(* Let $q(y,z|x)$ be a discrete memoryless broadcast channel with finite alphabets. Define the Marton sum-rate $$R_{\mathrm{sum}}=\sup_{p(u,v,w,x)}\Big[\min\{I(W;Y),I(W;Z)\}+I(U;Y|W)+I(V;Z|W)-I(U;V|W)\Big],$$ and for $\lambda\in[0,1]$ $$T_\lambda=\sup_{p(u,v,w,x)}\Big[\lambda I(W;Y)+(1-\lambda)I(W;Z)+I(U;Y|W)+I(V;Z|W)-I(U;V|W)\Big],$$ where both suprema range over all finite-alphabet random variables $(U,V,W,X)$ with $(U,V,W,X,Y,Z)\sim p(u,v,w,x)q(y,z|x)$. Then $R_{\mathrm{sum}}=\min_{\lambda\in[0,1]}T_\lambda$.
   Context: A two-receiver discrete memoryless broadcast channel has finite input alphabet $\mathcal X$, finite output alphabets $\mathcal Y,\mathcal Z$ and transition law $q(y,z|x)$. Mutual informations are computed under the stated joint distribution. *)

From HB Require Import structures.
From mathcomp Require Import all_boot all_order all_algebra.
From mathcomp Require Import classical_sets reals ereal exp.
Set Implicit Arguments. Unset Strict Implicit. Unset Printing Implicit Defensive.
Import Order.TTheory GRing.Theory Num.Theory.
Local Open Scope ring_scope.

Section Info.
Variable R : realType.

Definition is_pmf (T : finType) (p : T -> R) : Prop :=
  (forall t, 0 <= p t) /\ \sum_(t : T) p t = 1.

Definition is_bc_channel (X Y Z : finType) (q : X -> Y -> Z -> R) : Prop :=
  (forall x y z, 0 <= q x y z) /\ (forall x, \sum_(y : Y) \sum_(z : Z) q x y z = 1).

Definition marg (S A : finType) (P : S -> R) (f : S -> A) (a : A) : R :=
  \sum_(s : S | f s == a) P s.

(* conditional mutual information I(A;B|C) (natural log; 0 log 0 = 0 since
   the summand vanishes when p(a,b,c) = 0) *)
Definition cmi (S A B C : finType) (P : S -> R)
    (fa : S -> A) (fb : S -> B) (fc : S -> C) : R :=
  \sum_(t : A * B * C)
    let pabc := marg P (fun s => (fa s, fb s, fc s)) t in
    let pc := marg P fc t.2 in
    let pac := marg P (fun s => (fa s, fc s)) (t.1.1, t.2) in
    let pbc := marg P (fun s => (fb s, fc s)) (t.1.2, t.2) in
    pabc * ln (pabc * pc / (pac * pbc)).

Definition mi (S A B : finType) (P : S -> R) (fa : S -> A) (fb : S -> B) : R :=
  cmi P fa fb (fun _ => tt).

Variables (X Y Z : finType) (q : X -> Y -> Z -> R).

(* sample space (((u,v),w),x),(y,z)) with law p(u,v,w,x) q(y,z|x) *)
Definition joint (U V W : finType) (p : U * V * W * X -> R)
    (s : (U * V * W * X) * (Y * Z)) : R :=
  p s.1 * q s.1.2 s.2.1 s.2.2.

Section RVs.
Variables U V W : finType.
Definition rvU (s : (U * V * W * X) * (Y * Z)) : U := s.1.1.1.1.
Definition rvV (s : (U * V * W * X) * (Y * Z)) : V := s.1.1.1.2.
Definition rvW (s : (U * V * W * X) * (Y * Z)) : W := s.1.1.2.
Definition rvY (s : (U * V * W * X) * (Y * Z)) : Y := s.2.1.
Definition rvZ (s : (U * V * W * X) * (Y * Z)) : Z := s.2.2.
End RVs.

Definition marton_obj (U V W : finType) (p : U * V * W * X -> R) : R :=
  let P := joint p in
  Num.min (mi P (@rvW U V W) (@rvY U V W)) (mi P (@rvW U V W) (@rvZ U V W))
  + cmi P (@rvU U V W) (@rvY U V W) (@rvW U V W)
  + cmi P (@rvV U V W) (@rvZ U V W) (@rvW U V W)
  - cmi P (@rvU U V W) (@rvV U V W) (@rvW U V W).

Definition tlam_obj (lam : R) (U V W : finType) (p : U * V * W * X -> R) : R :=
  let P := joint p in
  lam * mi P (@rvW U V W) (@rvY U V W) + (1 - lam) * mi P (@rvW U V W) (@rvZ U V W)
  + cmi P (@rvU U V W) (@rvY U V W) (@rvW U V W)
  + cmi P (@rvV U V W) (@rvZ U V W) (@rvW U V W)
  - cmi P (@rvU U V W) (@rvV U V W) (@rvW U V W).

Definition R_sum : \bar R :=
  ereal_sup (EFin @` (fun r : R => exists (U V W : finType) (p : U * V * W * X -> R),
        is_pmf p /\ r = marton_obj p))%classic.

Definition T_lam (lam : R) : \bar R :=
  ereal_sup (EFin @` (fun r : R => exists (U V W : finType) (p : U * V * W * X -> R),
        is_pmf p /\ r = tlam_obj lam p))%classic.
End Info.

From HB Require Import structures.
From mathcomp Require Import all_boot all_order all_algebra.
From mathcomp Require Import classical_sets reals ereal exp.
From mathcomp Require Import ring lra.
Import Order.TTheory GRing.Theory Num.Theory.
Local Open Scope ring_scope.
Set Implicit Arguments. Unset Strict Implicit. Unset Printing Implicit Defensive.

(* Each admissible [p(u,v,w,x)] gives the pair (I(W;Y) + C, I(W;Z) + C) with
   C = I(U;Y|W) + I(V;Z|W) - I(U;V|W); [R_sum] is the supremum of [min(a, b)] and
   [T_lam] that of [lam a + (1 - lam) b] over the set A of these pairs.  Time sharing,
   with the time-sharing index recorded in [W], makes C linear and I(W;Y), I(W;Z)
   concave under mixing, so every convex combination of points of A is dominated by a
   point of A.  For such a planar set max-min equals min-max: once [R_sum] is shifted to
   0, the weight [lam = sup { b / (b - a) | (a, b) in A, a < b }] works for all of A,
   since otherwise mixing a point above the diagonal with one below it would produce a
   point of A with both coordinates positive. *)

Section PlanarMinimax.
Variable R : realType.
Local Open Scope classical_set_scope.

Definition dominated_convex (S : set (R * R)) :=
  forall s t (al : R), S s -> S t -> 0 < al < 1 ->
  exists2 u, S u & al * s.1 + (1 - al) * t.1 <= u.1 /\ al * s.2 + (1 - al) * t.2 <= u.2.

Section NonpositiveMin.
Variable S : set (R * R).
Hypotheses (S_dconvex : dominated_convex S)
  (S_min_le0 : forall s, S s -> Num.min s.1 s.2 <= 0).

Let S_le0 s : S s -> s.1 <= 0 \/ s.2 <= 0.
Proof. by move/S_min_le0; rewrite ge_min => /orP. Qed.

(* Mixing [s] and [t] with weight [(t.1 - t.2) / D] puts both coordinates at
   [(t.1 * s.2 - t.2 * s.1) / D]. *)
Lemma dominated_convex_cross s t : S s -> S t -> s.1 < s.2 -> t.2 < t.1 ->
  t.1 * s.2 <= t.2 * s.1.
Proof.
move=> Ss St lt_s lt_t; rewrite leNgt; apply/negP => K_gt0.
pose D := (t.1 - t.2) + (s.2 - s.1).
have D_gt0 : 0 < D by rewrite addr_gt0 // subr_gt0.
pose al := (t.1 - t.2) / D.
have al01 : 0 < al < 1.
  by rewrite divr_gt0 ?subr_gt0 //= ltr_pdivrMr // mul1r ltrDl subr_gt0.
have [u Su [le_u1 le_u2]] := S_dconvex Ss St al01.
have e1 : al * s.1 + (1 - al) * t.1 = (t.1 * s.2 - t.2 * s.1) / D.
  by rewrite /al /D; field; rewrite gt_eqF.
have e2 : al * s.2 + (1 - al) * t.2 = (t.1 * s.2 - t.2 * s.1) / D.
  by rewrite /al /D; field; rewrite gt_eqF.
have K_D_gt0 : 0 < (t.1 * s.2 - t.2 * s.1) / D by rewrite divr_gt0 // subr_gt0.
by rewrite e1 in le_u1; rewrite e2 in le_u2; case: (S_le0 Su); lra.
Qed.

Lemma dominated_convex_conv_le0 :
  exists2 lam : R, 0 <= lam <= 1 & forall s, S s -> lam * s.1 + (1 - lam) * s.2 <= 0.
Proof.
pose L := [set 0] `|` [set s.2 / (s.2 - s.1) | s in [set s | S s /\ s.1 < s.2]].
have L_le1 l : L l -> l <= 1.
  move=> [->|[s [Ss lt_s] <-]]; first exact: ler01.
  by rewrite ler_pdivrMr ?subr_gt0 // mul1r; case: (S_le0 Ss); lra.
have L_sup : has_sup L by split; [exists 0; left | exists 1 => l /L_le1].
pose lam := sup L.
have lam_ge0 : 0 <= lam by apply: sup_upper_bound; last by left.
have lam_le1 : lam <= 1 by apply: ge_sup; [exists 0; left | exact: L_le1].
exists lam => [|s Ss]; first by rewrite lam_ge0 lam_le1.
case: (ltgtP s.1 s.2) => [lt_s|lt_s|eq_s]; last by rewrite -eq_s; case: (S_le0 Ss); nra.
- have : s.2 / (s.2 - s.1) <= lam by apply: sup_upper_bound; last by right; exists s.
  by rewrite ler_pdivrMr ?subr_gt0 //; nra.
- have s2_le0 : s.2 <= 0 by case: (S_le0 Ss); lra.
  suff : lam <= - s.2 / (s.1 - s.2).
    by rewrite ler_pdivlMr ?subr_gt0 //; clearbody lam; nra.
  apply: ge_sup; first by exists 0; left.
  move=> l [->|[t [St lt_t] <-]]; first by apply: divr_ge0; lra.
  have := dominated_convex_cross St Ss lt_t lt_s.
  by rewrite ler_pdivrMr ?subr_gt0 // mulrAC ler_pdivlMr ?subr_gt0 //; nra.
Qed.

End NonpositiveMin.

Lemma dominated_convex_conv_le (S : set (R * R)) (r : R) : dominated_convex S ->
  (forall s, S s -> Num.min s.1 s.2 <= r) ->
  exists2 lam : R, 0 <= lam <= 1 & forall s, S s -> lam * s.1 + (1 - lam) * s.2 <= r.
Proof.
move=> S_dconvex S_min_le.
pose Sr := [set s | S (s.1 + r, s.2 + r)].
have Sr_dconvex : dominated_convex Sr.
  move=> s t al Ss St al01; have [u Su [le_u1 le_u2]] := S_dconvex _ _ _ Ss St al01.
  exists (u.1 - r, u.2 - r); first by rewrite /Sr /= !subrK -surjective_pairing.
  by move: le_u1 le_u2 => /=; split; nra.
have Sr_min_le0 s : Sr s -> Num.min s.1 s.2 <= 0.
  by move/S_min_le; rewrite /= !ge_min => /orP[] ?; apply/orP; [left|right]; lra.
have [lam lam01 lam_le] := dominated_convex_conv_le0 Sr_dconvex Sr_min_le0.
exists lam => // s Ss; have : Sr (s.1 - r, s.2 - r).
  by rewrite /Sr /= !subrK -surjective_pairing.
by move/lam_le => /=; nra.
Qed.

Local Open Scope ereal_scope.

Lemma ereal_sup_min_le_conv (S : set (R * R)) (lam : R) : (0 <= lam <= 1)%R ->
  ereal_sup [set (Num.min s.1 s.2)%:E | s in S] <=
  ereal_sup [set (lam * s.1 + (1 - lam) * s.2)%:E | s in S].
Proof.
move=> /andP[lam_ge0 lam_le1]; apply: ge_ereal_sup => _ [s Ss <-].
apply: le_ereal_sup_tmp; exists (lam * s.1 + (1 - lam) * s.2)%:E; first by exists s.
have min_le1 : (Num.min s.1 s.2 <= s.1)%R by rewrite ge_min lexx.
have min_le2 : (Num.min s.1 s.2 <= s.2)%R by rewrite ge_min lexx orbT.
by rewrite lee_fin; nra.
Qed.

Lemma dominated_convex_minimax (S : set (R * R)) : dominated_convex S ->
  exists2 lam : R, (0 <= lam <= 1)%R &
  ereal_sup [set (lam * s.1 + (1 - lam) * s.2)%:E | s in S] <=
  ereal_sup [set (Num.min s.1 s.2)%:E | s in S].
Proof.
move=> S_dconvex; set sup_min := ereal_sup _.
have min_le s : S s -> (Num.min s.1 s.2)%:E <= sup_min.
  by move=> Ss; apply: ereal_sup_ubound; exists s.
have lam0 : (0 <= (0 : R) <= 1)%R by rewrite lexx ler01.
clearbody sup_min; case: sup_min min_le => [r| |] min_le; last 2 first.
- by exists 0%R => //; rewrite leey.
- exists 0%R => //; apply: ge_ereal_sup => x [s /min_le].
  by rewrite leeNy_eq.
have [lam lam01 lam_le] : exists2 lam : R, (0 <= lam <= 1)%R &
    forall s, S s -> (lam * s.1 + (1 - lam) * s.2 <= r)%R.
  by apply: dominated_convex_conv_le => // s /min_le; rewrite lee_fin.
by exists lam => //; apply: ge_ereal_sup => _ [s /lam_le Ss <-]; rewrite lee_fin.
Qed.

End PlanarMinimax.

Section Marginals.
Variable R : realType.

Lemma sum_split_images (T T1 T2 : finType) (e1 : T1 -> T) (e2 : T2 -> T) (F : T -> R) :
  injective e1 -> injective e2 -> (forall t1 t2, e1 t1 != e2 t2) ->
  (forall t, t \notin codom e1 -> t \notin codom e2 -> F t = 0) ->
  \sum_t F t = \sum_t1 F (e1 t1) + \sum_t2 F (e2 t2).
Proof.
move=> inj_e1 inj_e2 e12 F0.
have sum_codom (T' : finType) (e : T' -> T) : injective e ->
    \sum_(t in codom e) F t = \sum_t' F (e t').
  move=> inj_e; rewrite -big_uniq /=; last by rewrite map_inj_uniq ?enum_uniq.
  by rewrite big_map big_enum.
rewrite (bigID (mem (codom e1))) /= (bigID (mem (codom e2)) (fun t => t \notin codom e1)) /=.
rewrite [X in _ + (_ + X)]big1 ?addr0; last by move=> t /andP[]; apply: F0.
rewrite sum_codom //; congr (_ + _); rewrite -(sum_codom _ e2) //; apply: eq_bigl => t.
case: (boolP (t \in codom e2)) => [/codomP[t2 ->]|]; rewrite ?andbF ?andbT //.
by apply/negP => /codomP[t1 /eqP]; rewrite eq_sym (negbTE (e12 t1 t2)).
Qed.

*What needs to be done:*
Go through the records and copy each line with "pabc" in it.

*Task output:*
    let pabc := marg P (fun s => (fa s, fb s, fc s)) t in
    pabc * ln (pabc * pc / (pac * pbc)).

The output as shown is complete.